For most businesses, cash is king. Finding ways to optimize the flow of money through your business is essential. Even if you are a profitable business, you may find yourself cash-strapped if you don’t keep an eye on your cash flow position.
With payrolls to meet, supplier bills to pay, taxes to remit and capital investments to make, the very existence of your business can be threatened by poorly managed cash flow. All businesses periodically suffer at the hands of customers who are late in their payments. For some customers, this is a constant state; for others, it’s a temporary situation because of their own business circumstances.
Here are 5 ways to help your business cash flow:
1. Manage Your Accounts Receivable
A proactive Accounts Receivable collections effort is the top of the list. Your cash position impacts your ability to do business, so stay on top of your Accounts Receivable aging reports on a weekly basis. Be aware of how long on average it takes for you to receive payment and watch for any trends that show this is lengthening.
If not already in place, there should be a stated billing policy that is communicated to customers. The invoice and follow-up process should start as early as possible. Get your invoices out as soon as the product ships or the work is completed. Be clear on your invoice what your terms are and enforce them. Automate the process of sending out statements and past due notices on a timely basis.
If the past due notice doesn’t work, call your customer. Past due notices that are followed up with a “friendly voice reminder” often bring payments in sooner. Your invoices and statements should clearly state the penalties that will be assessed for late payment and on all follow-up notices. Interest or penalty fees should be highlighted.
2. Reward Early Payments
Customers respond to discounts and like the idea of being rewarded for being a good customer. By offering a discount for payments received prior to the due date, you’ll have more cash on hand and more loyal customers. You can also offer discounts when orders are paid up front or with a deposit. If you offer a discount and the customer takes the discount without meeting the terms, send them a bill for the balance. Don’t reward non-compliance.

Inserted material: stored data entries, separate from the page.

(* (Soundness.) Let $(C_1;\pi_1)$ and $(C_2;\pi_2)$ be constrained clauses and let $(R;\pi_R)$ be the conclusion of an SDC-Resolution inference with premises $(C_1;\pi_1)$ and $(C_2;\pi_2)$. Then every Herbrand interpretation satisfying both $(C_1;\pi_1)$ and $(C_2;\pi_2)$ satisfies $(R;\pi_R)$. Likewise, if $(R;\pi_R)$ is the conclusion of an SDC-Factoring inference with premise $(C;\pi)$, then every Herbrand interpretation satisfying $(C;\pi)$ satisfies $(R;\pi_R)$.
   Context: Clauses: a clause is written $\Gamma\rightarrow\Delta$ where $\Gamma,\Delta$ are finite multisets of atoms ($\Gamma$ the negative literals, $\Delta$ the positive literals); $\Gamma_1,\Gamma_2$ denotes multiset union. All predicates relevant here are monadic. Straight terms: a variable and a constant are straight; $f(s_1,\dots,s_n)$ is straight if $s_1,\dots,s_n$ are pairwise distinct variables except for at most one argument $s_i$ that is a straight term. The depth of variables and constants is $0$, depth$(f(s_1,\dots,s_n))=1+\max_i$ depth$(s_i)$. A term is shallow if its depth is at most 1, linear if no variable occurs twice in it. Straight dismatching constraints (SDCs): an atomic SDC is $t\neq s$ with $s,t$ variable-disjoint terms and $s$ straight; an SDC $\pi=\bigwedge_{i\in I} t_i\neq s_i$ is a finite conjunction of atomic SDCs ($\top$ = empty conjunction, $\bot$ = false). For a substitution $\sigma$, $\pi\sigma=\bigwedge_i t_i\sigma\neq s_i$. A solution of $\pi$ is a grounding substitution $\delta$ such that for no $i$ is $t_i\delta$ an instance of $s_i$ (i.e. there is no $\tau$ with $t_i\delta=s_i\tau$); $\pi$ is solvable if it has a solution. The normalization $\mathrm{norm}(\pi)$ is the normal form of $\pi$ under the rewrite rules: $\pi\wedge f(t_1,\dots,t_n)\neq y \to \bot$; $\pi\wedge f(t_1,\dots,t_n)\neq f(y_1,\dots,y_n)\to\bot$ ($y_i$ variables); $\pi\wedge f(t_1,\dots,t_n)\neq f(s_1,\dots,s_n)\to \pi\wedge t_i\neq s_i$ if $s_i$ is complex (non-variable); $\pi\wedge f(t_1,\dots,t_n)\neq g(s_1,\dots,s_m)\to\pi$ for $f\neq g$; $\pi\wedge x\neq s\wedge x\neq s\sigma\to\pi\wedge x\neq s$. Constrained clauses: a pair $(C;\pi)$ of a clause and an SDC; $(C;\pi)\sigma=(C\sigma;\pi\sigma)$. Its ground instances are the clauses $C\delta$ with $\delta$ a solution of $\pi$ grounding all variables of $C$ and of the left-hand sides of $\pi$. A Herbrand interpretation $I$ is a set of ground atoms; $I$ satisfies a ground clause $\Gamma\rightarrow\Delta$ if $\Delta\cap I\neq\emptyset$ or $\Gamma\not\subseteq I$; $I$ satisfies $(C;\pi)$ if it satisfies all its ground instances. MSL(SDC) clauses: $(C;\pi)$ with $\pi$ an SDC and $C=\Gamma\rightarrow\Delta$ an MSL clause, i.e. (i) all argument terms of atoms in $\Delta$ are shallow, every atom in $\Delta$ is linear and distinct atoms of $\Delta$ share no variables, (ii) all predicates are monadic, (iii) no equations occur in $\Delta$, (iv) no equations occur in $\Gamma$, or $\Gamma=\{s\approx t\}$ with $\Delta$ empty and $s,t$ not unifiable. Ordering: $\prec$ is an atom ordering (irreflexive, well-founded, total on ground atoms), lifted to literals by representing $A$ as $\{A\}$ and $\neg A$ as $\{A,A\}$ and comparing by multiset extension, and to ground clauses by the multiset extension of the literal ordering. Standing assumption: for ground atoms $Q(s)$ and $P(t)$ where $s$ is a proper subterm of $t$, the literal $\neg Q(s)$ is not greater than the literal $P(t)$. A literal $A$ is maximal [strictly maximal] in $(C\vee A;\pi)$ if there is a solution $\delta$ of $\pi$ such that $B\delta\preceq A\delta$ [$B\delta\prec A\delta$] for all literals $B$ of $C$. Selection function: for an MSL(SDC) clause $(S_1(t_1),\dots,S_n(t_n)\rightarrow P_1(s_1),\dots,P_m(s_m);\pi)$, $\mathrm{sel}(C)$ consists of those $S_i(t_i)$ such that (1) $t_i$ is not a variable, or (2) $t_1,\dots,t_n$ are all variables and $t_i\notin\mathrm{vars}(s_1,\dots,s_m)$, or (3) $\{t_1,\dots,t_n\}\subseteq\mathrm{vars}(s_1,\dots,s_m)$ and $s_j=t_i$ for some $j$. SDC-Resolution: from variable-disjoint $(\Gamma_1\rightarrow\Delta_1,A;\pi_1)$ and $(\Gamma_2,B\rightarrow\Delta_2;\pi_2)$ infer $((\Gamma_1,\Gamma_2\rightarrow\Delta_1,\Delta_2)\sigma;\mathrm{norm}((\pi_1\wedge\pi_2)\sigma))$ provided: $\sigma=\mathrm{mgu}(A,B)$; $\mathrm{norm}((\pi_1\wedge\pi_2)\sigma)$ is solvable; $A\sigma$ is strictly maximal in $(\Gamma_1\rightarrow\Delta_1,A;\pi_1)\sigma$ and $\mathrm{sel}(\Gamma_1\rightarrow\Delta_1,A)=\emptyset$; and either $B\in\mathrm{sel}(\Gamma_2,B\rightarrow\Delta_2)$, or $\mathrm{sel}(\Gamma_2,B\rightarrow\Delta_2)=\emptyset$ and $\neg B\sigma$ is maximal in $(\Gamma_2,B\rightarrow\Delta_2;\pi_2)\sigma$. SDC-Factoring: from $(\Gamma\rightarrow\Delta,A,B;\pi)$ infer $((\Gamma\rightarrow\Delta,A)\sigma;\mathrm{norm}(\pi\sigma))$ provided $\sigma=\mathrm{mgu}(A,B)$, $\mathrm{sel}(\Gamma\rightarrow\Delta,A,B)=\emptyset$, $A\sigma$ is maximal in $(\Gamma\rightarrow\Delta,A,B;\pi)\sigma$, and $\mathrm{norm}(\pi\sigma)$ is solvable. *)

From Stdlib Require Import List Permutation Relations.
Import ListNotations.
Lemma pf_event s : prob_sum_eq f (pf R f) s = 1.
Proof.
rewrite pf_unif.
exact: (unif_event (@tot_add n d) fiber_size_tot (fun s => tot_onto (f s))).
Qed.

End TotalDistribution.

Section BipartiteCounterexample.
Variables (R : realFieldType) (n : nat) (c : 'I_n -> nat) (d : nat).
Variable f : inputs c -> 'Z_d.
Variables (A : {set 'I_n}) (fA fB : inputs c -> 'Z_d).
Hypotheses (A_neq0 : A != set0) (B_neq0 : ~: A != set0).
Hypotheses (depA : depends_only_on A fA) (depB : depends_only_on (~: A) fB).
Hypothesis f_split : forall s, f s = fA s + fB s.

Definition side_tots (m : outputs n d) : 'Z_d * 'Z_d := (psum A m, psum (~: A) m).
Definition side_targets (s : inputs c) : 'Z_d * 'Z_d := (fA s, fB s).

Definition q : outputs n d -> inputs c -> R :=
  unif side_tots side_targets (fiber_size R side_tots 0).

Lemma side_tots_add m v : side_tots (m + v) = side_tots m + side_tots v.
Proof. by rewrite /side_tots !psum_add. Qed.

Lemma side_tots_onto (S : {set 'I_n}) (x y : 'Z_d) :
  (A \subset S -> x = 0) -> (~: A \subset S -> y = 0) ->
  exists2 v : outputs n d, (forall j, j \in S -> v j = 0) & side_tots v = (x, y).
Proof.
move=> hx hy.
have [vA [vA0 vAout vAt]] := supported_output (d := d) hx.
have [vB [vB0 vBout vBt]] := supported_output (d := d) hy.
exists (vA + vB) => [j jS|]; first by rewrite ffunE vA0 ?vB0 ?addr0.
have [tA eA] := psum_supported vAout; have [tB eB] := psum_supported vBout.
rewrite setCK in eB; rewrite side_tots_add /side_tots tA eA tB eB vAt vBt.
by congr (_, _); rewrite /= ?addr0 ?add0r.
Qed.

Lemma side_free_A (x : 'Z_d) : A \subset set0 -> x = 0.
Proof. by rewrite subset0 (negbTE A_neq0). Qed.

Lemma side_free_B (y : 'Z_d) : ~: A \subset set0 -> y = 0.
Proof. by rewrite subset0 (negbTE B_neq0). Qed.

Lemma side_tots_surj (x : 'Z_d * 'Z_d) : exists v, side_tots v = x.
Proof.
case: x => x y.
have [v _ vt] := @side_tots_onto set0 x y (side_free_A _) (side_free_B _).
by exists v.
Qed.

Lemma q_cond : is_cond_dist q.
Proof. exact: (unif_cond side_tots_add erefl (fun s => side_tots_surj _)). Qed.

Lemma q_ns : non_signaling q.
Proof.
apply: unif_ns; first exact: side_tots_add.
move=> S s s' hS.
apply: side_tots_onto => [AS | BS]; apply/eqP; rewrite subr_eq0; apply/eqP.
- by apply: depA => j /(subsetP AS); exact: hS.
- by apply: depB => j /(subsetP BS); exact: hS.
Qed.

Lemma q_event s : prob_sum_eq f q s = 1.
Proof.
apply: (unif_event side_tots_add erefl (fun s => side_tots_surj _)) => m /eqP [hA hB].
by rewrite -/(tot m) (tot_psum A) hA hB f_split.
Qed.

(* q differs from pf R f: moving one unit of total from the complement of A to A
   keeps the total but leaves the support of q. *)
Lemma q_neq_pf (d_gt0 : (0 < d)%N) s0 : exists m, q m s0 != pf R f m s0.
Proof.
have [m _ hm] :=
  @side_tots_onto set0 (fA s0 + 1) (fB s0 - 1) (side_free_A _) (side_free_B _).
exists m; rewrite /q /unif /pf hm.
have -> : \sum_(j < n) m j = f s0.
  rewrite -/(tot m) (tot_psum A); case: hm => -> ->.
  by rewrite f_split addrACA subrr addr0.
rewrite eqxx /side_targets xpair_eqE -subr_eq0 addrAC subrr add0r oner_eq0 /=.
by rewrite eq_sym invr_eq0 expf_eq0 pnatr_eq0 gtn_eqF ?andbF.
Qed.

End BipartiteCounterexample.

Lemma rect_sides (V : zmodType) (a b c e : V) : a - b - c + e = 0 -> a - b = c - e.
Proof. by move=> h; apply: subr0_eq; rewrite opprB addrA addrAC. Qed.

Lemma rect_swap (V : zmodType) (a b c e : V) : a - b = c - e -> a - c = b - e.
Proof.
by move=> h; rewrite -[a](subrK b) h addrAC [c - e - c]addrAC subrr add0r addrC.
Qed.

Section MixedDifferences.
Variables (n : nat) (c : 'I_n -> nat) (V : zmodType) (f : inputs c -> V).
Variable A : {set 'I_n}.

Hypothesis mixed0 : forall k l (s si sj sij : inputs c), k \in A -> l \notin A ->
  diff1 s si k -> diff1 si sij l -> diff1 s sj l -> diff1 sj sij k ->
  f sij - f si - f sj + f s = 0.

Lemma step_off_A l (x : inputs c) : l \notin A ->
  depends_only_on (~: A) (fun u => f (mix [set l] u x) - f u).
Proof.
move=> lA; apply: depends_off => w w' k kA hw.
have hwx : diff1 (mix [set l] w x) (mix [set l] w' x) k.
  by move=> j hj; rewrite !mixE inE; case: (j =P l) => // _; exact: hw.
have := mixed0 kA lA hw (@diff1_mix _ _ w' x l) (@diff1_mix _ _ w x l) hwx.
by move/rect_sides/esym.
Qed.

Lemma mixed0_split (s0 s : inputs c) :
  f s = f (mix (~: A) s s0) + (f (mix A s s0) - f s0).
Proof.
pose F w := f w - f (mix A w s0).
have F_A : depends_only_on (~: ~: A) F.
  apply: depends_off => w w' l; rewrite inE => lA hw.
  have E1 : mix [set l] w w' = w'.
    by apply/ffunP => j; rewrite mixE inE; case: (j =P l) => [-> | /eqP /hw].
  have E2 : mix [set l] (mix A w s0) w' = mix A w' s0.
    apply/ffunP => j; rewrite !mixE inE; case: (j =P l) => [-> | /eqP /hw ->].
      by rewrite (negbTE lA).
    by [].
  have agree : forall j, j \in ~: A -> w j = mix A w s0 j.
    by move=> j; rewrite in_setC mixE => /negbTE ->.
  have := @step_off_A l w' lA w (mix A w s0) agree.
  by rewrite /= E1 E2 /F => /rect_swap/esym.
have hF : F s = F (mix (~: A) s s0).
  by apply: F_A => j; rewrite setCK mixE in_setC => ->.
have E3 : mix A (mix (~: A) s s0) s0 = s0.
  by apply/ffunP => j; rewrite !mixE in_setC; case: (j \in A).
move/eqP: hF; rewrite /F E3 subr_eq => /eqP ->.
by rewrite -addrA [- _ + _]addrC.
Qed.

Lemma mixed0_bipartite (s0 : inputs c) : exists fA fB : inputs c -> V,
  [/\ depends_only_on A fA, depends_only_on (~: A) fB & forall s, f s = fA s + fB s].
Proof.
exists (fun s => f (mix (~: A) s s0)), (fun s => f (mix A s s0) - f s0); split.
- move=> s s' hs; congr f; apply/ffunP => j; rewrite !mixE in_setC.
  by case: (boolP (j \in A)) => // /hs.
- move=> s s' hs; congr (f _ - _); apply/ffunP => j; rewrite !mixE.
  by case: (boolP (j \in A)) => // jA; apply: hs; rewrite in_setC.
- exact: mixed0_split.
Qed.

End MixedDifferences.

Lemma Zp_prime_inv (d : nat) (t : 'Z_d) : prime d -> t != 0 -> exists k, t *+ k = 1.
Proof.
move=> d_prime t0; have d_gt1 := prime_gt1 d_prime.
have t_unit : t \is a GRing.unit.
  rewrite -(natr_Zp t) unitZpE // prime_coprime // gtnNdvd //.
    by rewrite lt0n; apply: contraNneq t0 => ht; apply/eqP; exact: val_inj.
  by rewrite -[X in (_ < X)%N]Zp_cast // ltn_ord.
by exists (val t^-1); rewrite -mulr_natr natr_Zp mulrV.
Qed.

Section Uniqueness.
Variables (R : realFieldType) (n : nat) (c : 'I_n -> nat) (d : nat).
Variables (f : inputs c -> 'Z_d) (p : outputs n d -> inputs c -> R).
Hypotheses (p_cond : is_cond_dist p) (p_ns : non_signaling p).
Hypothesis p_event : forall s, prob_sum_eq f p s = 1.
Implicit Types (m v : outputs n d) (s : inputs c).

Lemma p_off_fiber m s : tot m != f s -> p m s = 0.
Proof.
move=> hm; have [p_ge0 p1] := p_cond.
have : \sum_(m' : outputs n d | tot m' != f s) p m' s = 0.
  move: (p1 s); rewrite (bigID (fun m' => tot m' == f s)) /=.
  by rewrite [X in X + _]p_event -{2}(addr0 1) => /addrI.
by move/psumr_eq0P; apply=> // m' _; exact: p_ge0.
Qed.

(* Summing out party i: given the other outcomes of m, only one outcome of
   party i completes them to the fiber over f s. *)
Lemma marginal_but_one i m s :
  \sum_(m' : outputs n d | [forall j in ~: [set i], m' j == m j]) p m' s
  = p (m + single i (f s - tot m)) s.
Proof.
set m0 := m + single i (f s - tot m).
have tot_m0 : tot m0 = f s by rewrite tot_add tot_single addrC subrK.
have m0_agree : [forall j in ~: [set i], m0 j == m j].
  apply/forall_inP => j; rewrite !inE => hj.
  by rewrite !ffunE (negbTE hj) addr0.
rewrite (bigD1 m0) //= big1 ?addr0 // => m' /andP [m'_agree m'_neq].
apply: p_off_fiber; apply: contra m'_neq => /eqP tot_m'; apply/eqP.
have off_i j : j != i -> m' j = m0 j.
  move=> hj; move/forall_inP: m'_agree => /(_ j); move/forall_inP: m0_agree => /(_ j).
  by rewrite !inE hj => /(_ isT)/eqP -> /(_ isT)/eqP.
move: tot_m'; rewrite (agree_off off_i) tot_add tot_single tot_m0 => /eqP.
by rewrite -{2}[f s]addr0 => /eqP/addrI ->; rewrite single0 addr0.
Qed.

3. Negotiate with Your Suppliers
You won’t be the only one offering discounts for early payment. Many of your suppliers will do the same thing. You may have to negotiate a discount with them, but many of them are also concerned about cash flow and will likely entertain the idea. Conversely, you can also negotiate payment extensions that will reduce the monthly outlay.
4. Accept Credit Cards
For customers with tight cash flow, offering credit card payment can be an effective way to improve your collections. You’ll have to pay the merchant services fees, but this may be a worthwhile investment when you factor in the cost of collections and your own need for cash flow. You might consider offering that as a payment option at the point of sale so that you can collect the customer’s credit card information ahead of time and simply bill it at the point of shipment.
5. Manage Your Bill Payments
You want to collect as quickly as you can and pay as slowly as you can. Use the billing cycles that are built into the payment terms of your creditors to manage your cash out-flow. This includes your credit cards as well as your vendors. Study your creditors’ payment terms to learn when their billing cycle starts and the length of their grace period, if they have one. Consider making the payments exactly on the due date using an automatic electronic payment rather than paying in advance. This has to be handled carefully, as you don’t want to jeopardize your credit rating or your relationship with your suppliers, but it can be an effective way to help match your cash out-flow with your collections.